Try it | Among the entries, which lines carry the string "probability"? Copy each of them.

Source data |
——————
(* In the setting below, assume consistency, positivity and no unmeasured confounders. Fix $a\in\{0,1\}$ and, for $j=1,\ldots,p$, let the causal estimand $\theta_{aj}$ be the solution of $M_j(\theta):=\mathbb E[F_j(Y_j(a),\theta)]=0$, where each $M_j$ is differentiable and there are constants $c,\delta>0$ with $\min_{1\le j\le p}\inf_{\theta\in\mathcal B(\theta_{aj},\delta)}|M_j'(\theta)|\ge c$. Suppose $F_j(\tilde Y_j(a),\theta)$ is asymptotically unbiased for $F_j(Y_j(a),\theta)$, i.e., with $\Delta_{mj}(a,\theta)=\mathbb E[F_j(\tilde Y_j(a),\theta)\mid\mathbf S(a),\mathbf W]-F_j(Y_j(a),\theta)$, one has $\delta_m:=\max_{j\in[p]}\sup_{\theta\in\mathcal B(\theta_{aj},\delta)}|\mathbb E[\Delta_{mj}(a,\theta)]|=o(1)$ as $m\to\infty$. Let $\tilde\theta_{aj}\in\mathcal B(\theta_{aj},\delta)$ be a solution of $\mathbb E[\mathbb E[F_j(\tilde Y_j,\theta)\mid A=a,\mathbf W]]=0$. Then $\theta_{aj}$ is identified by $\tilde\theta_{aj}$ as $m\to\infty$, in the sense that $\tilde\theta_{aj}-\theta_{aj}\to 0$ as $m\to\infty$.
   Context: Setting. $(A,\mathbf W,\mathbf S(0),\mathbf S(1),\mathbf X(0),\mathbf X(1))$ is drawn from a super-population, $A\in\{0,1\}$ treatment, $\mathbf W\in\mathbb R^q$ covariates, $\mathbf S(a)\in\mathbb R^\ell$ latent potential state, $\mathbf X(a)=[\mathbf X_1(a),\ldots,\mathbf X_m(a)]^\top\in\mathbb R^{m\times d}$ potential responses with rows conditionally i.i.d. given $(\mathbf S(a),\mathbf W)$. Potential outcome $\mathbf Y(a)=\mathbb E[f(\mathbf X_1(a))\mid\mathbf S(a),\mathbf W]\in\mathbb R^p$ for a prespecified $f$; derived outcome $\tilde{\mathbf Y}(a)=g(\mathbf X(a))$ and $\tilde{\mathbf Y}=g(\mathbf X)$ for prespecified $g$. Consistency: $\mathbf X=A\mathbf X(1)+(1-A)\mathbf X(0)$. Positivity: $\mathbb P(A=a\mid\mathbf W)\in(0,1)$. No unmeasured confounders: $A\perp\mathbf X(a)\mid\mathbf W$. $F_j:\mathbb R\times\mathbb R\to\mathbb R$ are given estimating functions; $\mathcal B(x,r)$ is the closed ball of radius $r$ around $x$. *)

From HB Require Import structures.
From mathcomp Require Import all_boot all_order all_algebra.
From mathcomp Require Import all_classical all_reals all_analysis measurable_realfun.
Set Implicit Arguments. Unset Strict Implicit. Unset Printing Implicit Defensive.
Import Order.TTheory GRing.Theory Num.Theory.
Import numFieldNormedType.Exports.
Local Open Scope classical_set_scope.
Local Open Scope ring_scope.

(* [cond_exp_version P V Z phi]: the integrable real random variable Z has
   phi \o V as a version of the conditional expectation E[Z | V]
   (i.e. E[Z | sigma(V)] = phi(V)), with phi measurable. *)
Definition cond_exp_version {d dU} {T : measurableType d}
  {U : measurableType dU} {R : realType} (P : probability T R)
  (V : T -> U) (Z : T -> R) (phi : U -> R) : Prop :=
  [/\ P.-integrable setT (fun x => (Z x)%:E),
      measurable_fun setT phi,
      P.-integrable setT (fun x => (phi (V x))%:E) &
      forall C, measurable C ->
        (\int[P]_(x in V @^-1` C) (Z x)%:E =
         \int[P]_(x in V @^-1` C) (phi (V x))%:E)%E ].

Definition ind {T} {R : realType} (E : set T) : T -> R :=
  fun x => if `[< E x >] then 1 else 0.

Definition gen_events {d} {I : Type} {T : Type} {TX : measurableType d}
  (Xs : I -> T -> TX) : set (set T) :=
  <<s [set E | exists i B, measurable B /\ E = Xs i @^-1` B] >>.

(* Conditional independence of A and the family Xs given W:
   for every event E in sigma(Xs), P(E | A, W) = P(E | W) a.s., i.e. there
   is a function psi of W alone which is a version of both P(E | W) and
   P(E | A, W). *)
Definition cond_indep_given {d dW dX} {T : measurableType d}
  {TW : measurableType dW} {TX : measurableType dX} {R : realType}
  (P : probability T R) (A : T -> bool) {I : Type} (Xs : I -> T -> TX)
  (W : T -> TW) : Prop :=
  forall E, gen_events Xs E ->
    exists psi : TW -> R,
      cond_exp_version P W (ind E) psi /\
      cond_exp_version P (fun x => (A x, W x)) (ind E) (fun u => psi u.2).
——————
Finished exercise |
  {U : measurableType dU} {R : realType} (P : probability T R)
  (P : probability T R) (A : T -> bool) {I : Type} (Xs : I -> T -> TX)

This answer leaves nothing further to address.